Ифань с трудом сглатывает и отступает на шаг назад. Открывать дверь шире он не спешит, как не спешит впускать в свою жизнь неизвестных ему Чанёлей, что пекут яблочные пироги для соседей.
— Я… — Собственный голос пугает Ифаня: так давно он его не слышал, таким грубым и пустым он ему кажется. — Я болею. Прости.
— Болеешь? — Чанёль оживляется. — Тогда я тот, кто тебе нужен! Я мастер по лечебным чаям. А что может быть лучше, чем кружка отличного малинового чая с домашним яблочным пирогом? М?
Ифань теряется. Он не привык к тому, что люди хотят угостить его пирогом и заварить ему чай из малины. Да любой чай, если уж быть откровенным до конца.
— Я не думаю, что это, — Ифань облизывает губы, — хорошая идея.
Он крепче сжимает ручку и встает так, что Чанёль, чьи глаза так и рыщут под полами его капюшона, видит лишь его руку и носок домашних кед.
— Это отличная идея. Ну давай, тебе понравится.
В ушах Ифаня это звучит как настоящая дикость, но что-то внутри зудит комаром: «Ну что тебе стоит его впустить? Вон, пирог приволок. Сам же пек. Для тебя. Кто для тебя, Фань, когда-либо пироги пек?» Никто, — отвечает Ифань и открывает дверь шире.
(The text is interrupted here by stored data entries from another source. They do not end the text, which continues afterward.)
(* Let $\mathcal V$ be a Stone variety of profinite $\Omega$-algebras. Then $\mathcal V\cap\mathsf{Fin}_\Omega$ is the least Stone pseudovariety $\mathcal S$ (with respect to inclusion) such that $\widehat{\mathcal S}=\mathcal V$.
   Context: $\Omega=\biguplus_n\Omega_n$ is a fixed topological signature; a Stone topological $\Omega$-algebra is a compact Hausdorff 0-dimensional space with continuous evaluation maps $\Omega_n\times A^n\to A$. A topological algebra is profinite if it is compact and any two distinct elements are separated by a continuous homomorphism into a finite discrete algebra. $\mathsf{Fin}_\Omega$ is the class of all finite (discrete) topological $\Omega$-algebras. A Stone pseudovariety is a nonempty class of Stone topological algebras closed under images by onto continuous homomorphisms that are Stone topological algebras, closed subalgebras, and finite direct products; a Stone variety is defined likewise with arbitrary direct products. For a class $\mathcal S$, $\widehat{\mathcal S}$ is the class of Stone topological algebras that are residually $\mathcal S$ (any two distinct elements separated by a continuous homomorphism into a member of $\mathcal S$). In the paper this least element is denoted $\mathcal V_{\min}$. *)

From HB Require Import structures.
From mathcomp Require Import all_boot all_order all_algebra.
From mathcomp Require Import all_classical.
From mathcomp Require Import topology.

Set Implicit Arguments.
Unset Strict Implicit.
Unset Printing Implicit Defensive.

Local Open Scope classical_set_scope.

Lemma fst_cont (X Y : topologicalType) : continuous (fun p : X * Y => p.1).
Proof. move=> p; exact: cvg_fst. Qed.

Lemma snd_cont (X Y : topologicalType) : continuous (fun p : X * Y => p.2).
Proof. move=> p; exact: cvg_snd. Qed.

Lemma pair_cont (Z X Y : topologicalType) (f : Z -> X) (g : Z -> Y) :
  continuous f -> continuous g -> continuous (fun z => (f z, g z)).
Proof. move=> fc gc z; exact: cvg_pair (fc z) (gc z). Qed.

Lemma prod_proj_continuous (I : Type) (K : I -> topologicalType) (i : I) :
  continuous (fun f : prod_topology K => f i).
Proof.
move=> f.
have H : nbhs (f : prod_topology K) --> f by apply: cvg_id.
move: H; rewrite /prod_topology /product_topology_def.
move/cvg_sup => /(_ i) H.
apply: cvg_trans (cvg_app (fun g : forall i, K i => g i) H) _.
exact: (@initial_continuous (forall i, K i) (K i) (fun g => g i) f).
Qed.

Lemma prod_continuous_into (X : topologicalType) (I : Type)
  (K : I -> topologicalType) (g : X -> prod_topology K) :
  (forall i, continuous (fun x => g x i)) -> continuous g.
Proof.
move=> gc x.
rewrite /prod_topology /product_topology_def.
apply/cvg_sup => i.
exact: (@continuous_comp_initial (forall i, K i) X (K i) (fun h => h i) g (gc i) x).
Qed.

(* A topological signature Omega = disjoint union of the Omega_n, given as a
   family [Om : nat -> topologicalType] (Om n = the space of n-ary symbols). *)

Record topAlg (Om : nat -> topologicalType) := TopAlg {
  ta_car :> topologicalType;
  ta_op : forall n, Om n -> ('I_n -> ta_car) -> ta_car;
  ta_op_cont : forall n,
    continuous (fun p : Om n * prod_topology (fun _ : 'I_n => ta_car) =>
                  ta_op p.1 p.2)
}.

Arguments ta_op {Om} t {n}.

Definition is_hom (Om : nat -> topologicalType) (A B : topAlg Om)
  (f : A -> B) : Prop :=
  forall n (o : Om n) (x : 'I_n -> A), f (ta_op A o x) = ta_op B o (f \o x).

Definition cont_hom (Om : nat -> topologicalType) (A B : topAlg Om)
  (f : A -> B) : Prop := continuous f /\ is_hom f.

Definition Stone (Om : nat -> topologicalType) (A : topAlg Om) : Prop :=
  [/\ compact [set: (A : topologicalType)], hausdorff_space A
    & zero_dimensional A].
(* Let $G$ be a finite group with conjugacy classes $\mathcal{C}_1,\dots,\mathcal{C}_s$, and let $r\ge 2$ be a prime with $r\nmid |G|$. Let $g\in G\wr S_n$ have type $T(g)=(T(g)_{ij})_{s\times n}$. Then $g$ is an $r$-th power in $G\wr S_n$ if and only if $r\mid T(g)_{ij}$ whenever $r\mid j$.
   Context: $G\wr S_n$ is the set of pairs $(f,\pi)$ with $f:\{1,\dots,n\}\to G$ and $\pi\in S_n$, with product $(f,\pi)(f',\pi')=(ff'_\pi,\pi\pi')$, $f'_\pi(i)=f'(\pi^{-1}(i))$, pointwise product of functions. For $(f,\pi)$ and a cycle $(j,\pi(j),\dots,\pi^t(j))$ of $\pi$, its cycle product is $f(j)f(\pi^{-1}(j))\cdots f(\pi^{-t}(j))$; its conjugacy class is independent of the starting point. The type $T(g)$ of $g=(f,\pi)$ is the $s\times n$ matrix whose $(i,k)$ entry is the number of $k$-cycles of $\pi$ whose cycle product lies in $\mathcal{C}_i$. An element $g$ is an $r$-th power if $g=h^r$ for some $h\in G\wr S_n$. *)

From mathcomp Require Import all_boot all_fingroup.
Set Implicit Arguments. Unset Strict Implicit. Unset Printing Implicit Defensive.
Local Open Scope group_scope.

Definition wr (gT : finGroupType) (n : nat) : Type :=
  ({ffun 'I_n -> gT} * {perm 'I_n})%type.

(* Paper's product pi pi' is the composition pi o pi' (apply pi' first);
   in MathComp, (pi' * pi)%g x = pi (pi' x). *)
Definition wr_mul (gT : finGroupType) (n : nat) (g h : wr gT n) : wr gT n :=
  let: (f, pi) := g in let: (f', pi') := h in
  ([ffun i => f i * f' ((pi^-1)%g i)], (pi' * pi)%g).

Definition wr_one (gT : finGroupType) (n : nat) : wr gT n := ([ffun=> 1], 1%g).

Fixpoint wr_pow (gT : finGroupType) (n : nat) (h : wr gT n) (r : nat) : wr gT n :=
  if r is r'.+1 then wr_mul h (wr_pow h r') else wr_one gT n.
Чанёль приглашение принимает и ужом проскальзывает в темную прихожую. В прихожей тут же становится светлее. Тени разбегаются во все стороны, прячутся по углам и в широких щелях под плинтусами.
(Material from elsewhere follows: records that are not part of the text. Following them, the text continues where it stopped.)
(* Let $A=\mathrm{diag}(G_1,\dots,G_m,[1])\in\mathbb{R}^{n\times n}$, $m\geq 1$, where the trailing block $[1]$ may or may not be present, with $G_j=\begin{bmatrix}c_j&s_j\\-s_j&c_j\end{bmatrix}$, $c_j^2+s_j^2=1$, $s_j\neq 0$, and $0<c_1<c_2<\cdots<c_m<1$. Let $v_0\in\mathbb{R}^n$ be a unit norm vector with $d(A,v_0)\geq 2$ and $v_0^{(1)}\neq 0$. Then the sequence $\{v_k\}$ of the iteration ACI($1$) below converges to a single limit vector.
   Context: Block partitioning: every $v\in\mathbb{R}^n$ is written as $v=[v^{(1)};\dots;v^{(m)};v^{(m+1)}]$ with $v^{(j)}\in\mathbb{R}^2$ for $j=1,\dots,m$ (conforming with the blocks $G_j$) and $v^{(m+1)}\in\mathbb{R}$ (present only if the block $[1]$ is present). ACI($1$): for $k=0,1,2,\dots$: $\widetilde w_k=(A-\alpha_kI)v_k$ with $\alpha_k=v_k^TAv_k$; $w_k=\widetilde w_k/\|\widetilde w_k\|$; $\widetilde v_{k+1}=(A^T-\beta_kI)w_k$ with $\beta_k=w_k^TAw_k$; $v_{k+1}=\widetilde v_{k+1}/\|\widetilde v_{k+1}\|$. $d(A,v)$ is the grade of $v$ w.r.t. $A$ (degree of the monic polynomial $p$ of smallest degree with $p(A)v=0$); $\|\cdot\|$ is the Euclidean norm. *)

From HB Require Import structures.
From mathcomp Require Import all_boot all_order all_algebra.
From mathcomp Require Import all_classical all_reals all_analysis.
Set Implicit Arguments. Unset Strict Implicit. Unset Printing Implicit Defensive.
Import Order.TTheory GRing.Theory Num.Theory.
Local Open Scope ring_scope.

Section ACI.
Variable R : realType.

(* A = diag(G_1,...,G_m,[1]) of size n = 2m + b, where b = true iff the
   trailing 1x1 block [1] is present; G_j = [[c_j, s_j]; [-s_j, c_j]]
   (blocks indexed j = 0..m-1 here, i.e. G_{j+1} of the paper). *)
Definition blkA (m : nat) (b : bool) (c s : nat -> R) : 'M[R]_(m.*2 + b) :=
  \matrix_(i, j)
    if ((i < m.*2) && (j < m.*2) && (i./2 == j./2))%N then
      (if odd i then (if odd j then c i./2 else - s i./2)
                else (if odd j then s i./2 else c i./2))
    else if ((m.*2 <= i) && (i == j :> nat))%N then 1 else 0.

Definition dotv n (u v : 'cV[R]_n) : R := \sum_i u i 0 * v i 0.
Definition vnorm n (v : 'cV[R]_n) : R := Num.sqrt (dotv v v).

Definition mxpeval n (A : 'M[R]_n) (p : {poly R}) : 'M[R]_n :=
  \sum_(i < size p) p`_i *: A ^+ i.

(* d(A,v) : degree of a monic polynomial of smallest degree with p(A)v = 0
   (such a polynomial always exists by Cayley--Hamilton). *)
Definition grade_pred n (A : 'M[R]_n) (v : 'cV[R]_n) : pred nat :=
  fun d => `[< exists p : {poly R},
              [/\ p \is monic, (size p).-1 = d & mxpeval A p *m v = 0] >].

Definition grade n (A : 'M[R]_n) (v : 'cV[R]_n) : nat :=
  match pselect (exists d, grade_pred A v d) with
  | left h => ex_minn h
  | right _ => 0%N
  end.

Definition aci_wt n (A : 'M[R]_n) (v : 'cV[R]_n) : 'cV[R]_n :=
  (A - (dotv v (A *m v))%:M) *m v.
Definition aci_w n (A : 'M[R]_n) (v : 'cV[R]_n) : 'cV[R]_n :=
  (vnorm (aci_wt A v))^-1 *: aci_wt A v.
Definition aci_vt n (A : 'M[R]_n) (v : 'cV[R]_n) : 'cV[R]_n :=
  let w := aci_w A v in (A^T - (dotv w (A *m w))%:M) *m w.
Definition aci_step n (A : 'M[R]_n) (v : 'cV[R]_n) : 'cV[R]_n :=
  (vnorm (aci_vt A v))^-1 *: aci_vt A v.

Fixpoint aci_v n (A : 'M[R]_n) (v0 : 'cV[R]_n) (k : nat) : 'cV[R]_n :=
  if k is k'.+1 then aci_step A (aci_v A v0 k') else v0.

End ACI.

(* Each block G_j is a rotation-scaling, so a shift A - t multiplies the squared
   norm of the j-th coordinate pair by |c_j + i s_j - t|^2.  The shifts of ACI(1)
   are Rayleigh quotients, which lie in [c_1, 1]; there the first pair is amplified
   most, by a margin of at least c_1 (c_2 - c_1) (read c_2 = 1 if m = 1).  Hence the ratio of the energy
   outside the first pair to the energy in it contracts by a fixed q < 1 at every
   half-step.  The coordinates outside the first pair are therefore O(q^k), while on
   the first pair one step acts as a rotation-scaling whose rotation part and norm
   change are both controlled by that ratio.  So successive iterates differ by
   O(q^k) and the sequence converges. *)

From HB Require Import structures.
From mathcomp Require Import all_boot all_order all_algebra.
From mathcomp Require Import all_classical all_reals all_analysis.
From mathcomp Require Import zify ring lra.
Import Order.TTheory GRing.Theory Num.Theory.
Import numFieldNormedType.Exports.
Local Open Scope classical_set_scope.
Local Open Scope ring_scope.
Set Implicit Arguments. Unset Strict Implicit. Unset Printing Implicit Defensive.

Lemma sumr_nat_double (V : nmodType) (g : nat -> V) k :
  \sum_(0 <= i < k.*2) g i = \sum_(0 <= j < k) (g j.*2 + g j.*2.+1).
Proof.
elim: k => [|k IH]; first by rewrite !big_geq.
by rewrite doubleS !big_nat_recr //= IH addrA.
Qed.

Lemma cvgn_geometric_increments (R : realType) (V : completeNormedModType R)
    (u : V ^nat) (K r : R) : 0 <= r < 1 ->
  (forall k, `|u k.+1 - u k| <= K * r ^+ k) -> cvgn u.
Proof.
case/andP=> r0 r1 du.
have K0 : 0 <= K by have := du 0%N; rewrite expr0 mulr1; exact: le_trans.
have -> : u = (fun k => u 0%N + series (telescope u) k).
  by apply: funext => k; rewrite -eq_sum_telescope.
apply: is_cvgD; first exact: is_cvg_cst.
apply: normed_cvg.
apply: (@series_le_cvg _ (fun k => `|telescope u k|) (geometric K r)) => /=.
- by move=> k; exact: normr_ge0.
- by move=> k; rewrite geometric_ge0.
- by move=> k; rewrite /telescope /=.
- by apply: is_cvg_geometric_series; rewrite ger0_norm.
Qed.

Lemma mx_cvgn_entries (R : realType) (M N : nat) (V : nat -> 'M[R]_(M, N)) :
  (forall i j, cvgn (fun k => V k i j)) -> exists l : 'M[R]_(M, N), V k @[k --> \oo] --> l.
Proof.
move=> hV; exists (\matrix_(i, j) limn (fun k => V k i j)).
apply/cvgrPdist_le => /= e e0; near=> k.
rewrite [leLHS]/Num.Def.normr /= mx_normrE (bigmax_le _ (ltW e0)) //= => -[i j] _.
rewrite !mxE /=; move: i j; near: k.
apply: filter_forall => i; apply: filter_forall => j.
exact: ((cvgrPdist_le _ _).1 (hV i j)).
Unshelve. all: by end_near. Qed.

Definition incr_const (R : realFieldType) (sig E0 : R) :=
  1 + ((1 + E0) / sig) ^+ 2 * E0 + (1 + E0) / sig.

(* One step on the first pair maps [(x0, x1)] to [lam (a I + d J) (x0, x1)], [J] the
   quarter turn; the squared norms before and after are [1/(1+E)] and [1/(1+E')]. *)
Lemma rotscale_increment (R : realFieldType) (x0 x1 lam a d sig E E' E0 : R) :
  0 < sig -> sig <= a -> 0 <= lam -> 0 <= E' <= E -> E <= E0 -> `|d| <= E ->
  (x0 ^+ 2 + x1 ^+ 2) * (1 + E) = 1 ->
  ((lam * (a * x0 + d * x1)) ^+ 2 + (lam * (- d * x0 + a * x1)) ^+ 2) * (1 + E') = 1 ->
  `|lam * (a * x0 + d * x1) - x0| <= incr_const sig E0 * E /\
  `|lam * (- d * x0 + a * x1) - x1| <= incr_const sig E0 * E.
Proof.
move=> sig0 siga lam0 /andP[E'0 E'E] EE0 dE hx hy.
have E_ge0 : 0 <= E := le_trans E'0 E'E.
set z := lam * a; set e := lam * d; set mu := (1 + E0) / sig.
have z0 : 0 <= z by rewrite mulr_ge0 // (le_trans (ltW sig0)).
have P0 : x0 ^+ 2 + x1 ^+ 2 != 0.
  by apply/eqP => h0; move: hx; rewrite h0 mul0r => /eqP; rewrite eq_sym oner_eq0.
have rho : (z ^+ 2 + e ^+ 2) * (1 + E') = 1 + E.
  apply: (mulIf P0); rewrite [RHS]mulrC hx -[RHS]hy /z /e; ring.
have rho_ge0 := mulr_ge0 (addr_ge0 (sqr_ge0 z) (sqr_ge0 e)) E'0.
have rho1 : 1 <= z ^+ 2 + e ^+ 2 by nra.
have rhoE : z ^+ 2 + e ^+ 2 <= 1 + E by nra.
have hz1 : `|z - 1| <= E + e ^+ 2.
  by rewrite ler_norml; apply/andP; split; nra.
have hlam : lam <= mu.
  rewrite ler_pdivlMr //; apply: le_trans (ler_wpM2l lam0 siga) _.
  by rewrite -/z; nra.
have he : `|e| <= mu * E by rewrite normrM ger0_norm // ler_pM.
have he2 : e ^+ 2 <= mu ^+ 2 * E0 * E.
  have mu0 : 0 <= mu by apply: le_trans hlam.
  have ee : e ^+ 2 = `|e| ^+ 2 by rewrite -normrX ger0_norm ?sqr_ge0.
  have := ler_pM (normr_ge0 e) (normr_ge0 e) he he.
  have : mu ^+ 2 * E * E <= mu ^+ 2 * E0 * E.
    by rewrite ler_wpM2r // ler_wpM2l ?sqr_ge0.
  by rewrite ee; lra.
have bnd u v : `|u| <= 1 -> `|v| <= 1 -> `|(z - 1) * u + e * v| <= incr_const sig E0 * E.
  move=> hu hv; apply: le_trans (ler_normD _ _) _; rewrite (normrM (z - 1)) (normrM e).
  have := ler_pM (normr_ge0 _) (normr_ge0 _) hz1 hu.
  have := ler_pM (normr_ge0 _) (normr_ge0 _) he hv.
  by rewrite /incr_const -/mu; lra.
have hP1 : x0 ^+ 2 + x1 ^+ 2 <= 1 by nra.
have hx0 : `|x0| <= 1 by rewrite ler_norml; apply/andP; split; nra.
have hx1 : `|x1| <= 1 by rewrite ler_norml; apply/andP; split; nra.
split.
- have -> : lam * (a * x0 + d * x1) - x0 = (z - 1) * x0 + e * x1 by rewrite /z /e; ring.
  exact: bnd.
- have -> : lam * (- d * x0 + a * x1) - x1 = (z - 1) * x1 + e * (- x0) by rewrite /z /e; ring.
  by apply: bnd; rewrite ?normrN.
Qed.

Section Vectors.
Variables (R : realType) (n : nat).
Implicit Types (x : 'cV[R]_n).

Definition normalized x : 'cV[R]_n := (vnorm x)^-1 *: x.

Lemma dotv_ge0 x : 0 <= dotv x x.
Proof. by apply: sumr_ge0 => i _; rewrite -expr2 sqr_ge0. Qed.

Lemma dotv_eq1 x : vnorm x = 1 -> dotv x x = 1.
Proof. by move=> hx; rewrite -(sqr_sqrtr (dotv_ge0 x)) -/(vnorm x) hx expr1n. Qed.

Lemma dotvZ a x : dotv (a *: x) (a *: x) = a ^+ 2 * dotv x x.
Proof. by rewrite /dotv mulr_sumr; apply: eq_bigr => i _; rewrite !mxE; ring. Qed.

Lemma dotv_normalized x : 0 < dotv x x -> dotv (normalized x) (normalized x) = 1.
Proof.
move=> hx; rewrite dotvZ /vnorm exprVn sqr_sqrtr ?(ltW hx) // mulVf //.
by rewrite gt_eqF.
Qed.

End Vectors.

Section Blocks.
Variables (R : realType) (m : nat) (b : bool) (c : nat -> R).
Local Notation n := (m.*2 + b)%N.
Implicit Types (x y : 'cV[R]_n) (s : nat -> R).

Definition vcoef x k : R := if insub k is Some i then x i 0 else 0.

Lemma vcoefE x (i : 'I_n) : vcoef x i = x i 0.
Proof. by rewrite /vcoef valK. Qed.

Lemma vcoef_out x k : (n <= k)%N -> vcoef x k = 0.
Proof. by move=> h; rewrite /vcoef insubF // ltnNge h. Qed.

Lemma vcoef0 k : vcoef 0 k = 0.
Proof. by rewrite /vcoef; case: insub => [i|]; rewrite ?mxE. Qed.

Lemma vcoefB x y k : vcoef (x - y) k = vcoef x k - vcoef y k.
Proof. by rewrite /vcoef; case: insub => [i|]; rewrite ?mxE ?subr0. Qed.

Lemma vcoefZ a x k : vcoef (a *: x) k = a * vcoef x k.
Proof. by rewrite /vcoef; case: insub => [i|]; rewrite ?mxE ?mulr0. Qed.

Lemma sum_blocks (g : nat -> R) : (forall k, (n <= k)%N -> g k = 0) ->
  \sum_(i < n) g i = \sum_(j < m.+1) (g j.*2 + g j.*2.+1).
Proof.
move=> g0.
rewrite -(big_mkord xpredT g) -(big_mkord xpredT (fun j => g j.*2 + g j.*2.+1)).
rewrite -sumr_nat_double [RHS](big_cat_nat _ (n := n)) //=; last by case: b => /=; lia.
rewrite [X in _ + X]big_nat_cond [X in _ + X]big1 ?addr0 // => i /andP[/andP[hi _] _].
exact: g0.
Qed.

(* Block [j] of [blkA] acts on coordinates [2j], [2j+1] as
   [[blk_c j, blk_s s j]; [- blk_s s j, blk_c j]]; block [m] is the trailing [1]. *)
Definition blk_c j := if (j < m)%N then c j else 1.
Definition blk_s s j := if (j < m)%N then s j else 0.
Ифань украдкой переводит дух, запирает дверь и бурчит не совсем приветливое:
— Вот там кухня, — и тычет рукой, в кулаке которой скомочил конец рукава, в сторону кухни.
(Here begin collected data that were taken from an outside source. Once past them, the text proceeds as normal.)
Theorem mainTheorem8 (R : realType) (x : 'rV[R]_22 * 'rV[R]_22) (e : R) :
  in_QGamma x -> 0 < e ->
  exists y : 'rV[R]_22 * 'rV[R]_22,
    in_QGamma y /\ exceptional_kummer y /\
    (forall i : 'I_22, `|x.1 0 i - y.1 0 i| < e /\ `|x.2 0 i - y.2 0 i| < e).
Proof.
case: x => a b hx e_gt0.
have [dl0 [L [dl0_gt0 L_ge1 gs_near]]] := gram_schmidt_lipschitz hx.
pose dl := Num.min dl0 (e / (2 * L)).
have L_gt0 : 0 < L by lra.
have dl_gt0 : 0 < dl by rewrite lt_min dl0_gt0 /= divr_gt0 // mulr_gt0.
have Ldl_lt : L * dl < e.
  have : L * dl <= L * (e / (2 * L)) by rewrite ler_wpM2l ?ge_min ?lexx ?orbT //; lra.
  have -> : L * (e / (2 * L)) = e / 2 by field; rewrite gt_eqF.
  lra.
have [U hU] := round_to_parity a (delta_mx 0 isoU1) dl_gt0.
have [V hV] := round_to_parity b (delta_mx 0 isoU2) dl_gt0.
set a' := _ *: _ in hU; set b' := _ *: _ in hV.
have dl_le : dl <= dl0 by rewrite ge_min lexx.
have [aa_gt0 det_gt0 hb'] := gs_near dl a' b' dl_le hU hV.
exists (gram_schmidt a' b'); split; first exact: gram_schmidt_in_QGamma.
split.
  apply: (@k3_exceptional_kummer R _ U V).
  apply: same_plane_trans (same_plane_gram_schmidt (lt0r_neq0 aa_gt0) det_gt0) _.
  by apply: same_planeZ; rewrite gt_eqF // divr_gt0.
have dl_lt : dl < e by apply: le_lt_trans Ldl_lt; rewrite ler_peMl // ltW.
move=> k; split; rewrite distrC.
  exact: le_lt_trans (hU k) dl_lt.
exact: le_lt_trans (hb' k) Ldl_lt.
Qed.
Чанёль, улыбаясь даже ушами, несется в указанном направлении. Ифань, не веря в то, что самолично впустил в свой дом самого настоящего человека, идет за ним.
Чанёль оставляет пирог на столе, а сам, обнаглев, сует нос на ближайшую полку. Ифань забивается в угол между тумбочкой, на которой пылится допотопный телефонный справочник, и мойкой, скрючивается под безразмерными, растянутыми по старой привычке вещами и старается не гореть. Получается плохо, потому что мальчик живой, реальный такой, что трогать не надо, чтобы в этом убедиться, шумный и языкатый, и это должно бесить, по правде говоря, но не бесит. Потому что под всем этим шумом и суетой кроется теплое и безгранично доброе: по глазам дурным, огромно-черным видно.
Ифань невольно улыбается и еще ниже опускает голову: чтобы Чанёль ненароком не увидел лица. Сбежит, как пить дать. Потому что исключений из этого правила не бывает.
— Ну чего стоишь как неродной? — Чанёль бросает на него взгляд из-за плеча, ибо руки заняты травками (и откуда они у Ифаня только взялись в таком количестве и разнообразии?), и хмурится по-чудному. — Чай практически готов. Садись уже.
Ифань колеблется, прежде чем сделать первый шаг. И по сути же, чего ему бояться в своем-то доме, но страх перед неизвестным — а Чанёль это уравнение с тремя иксами — сильнее.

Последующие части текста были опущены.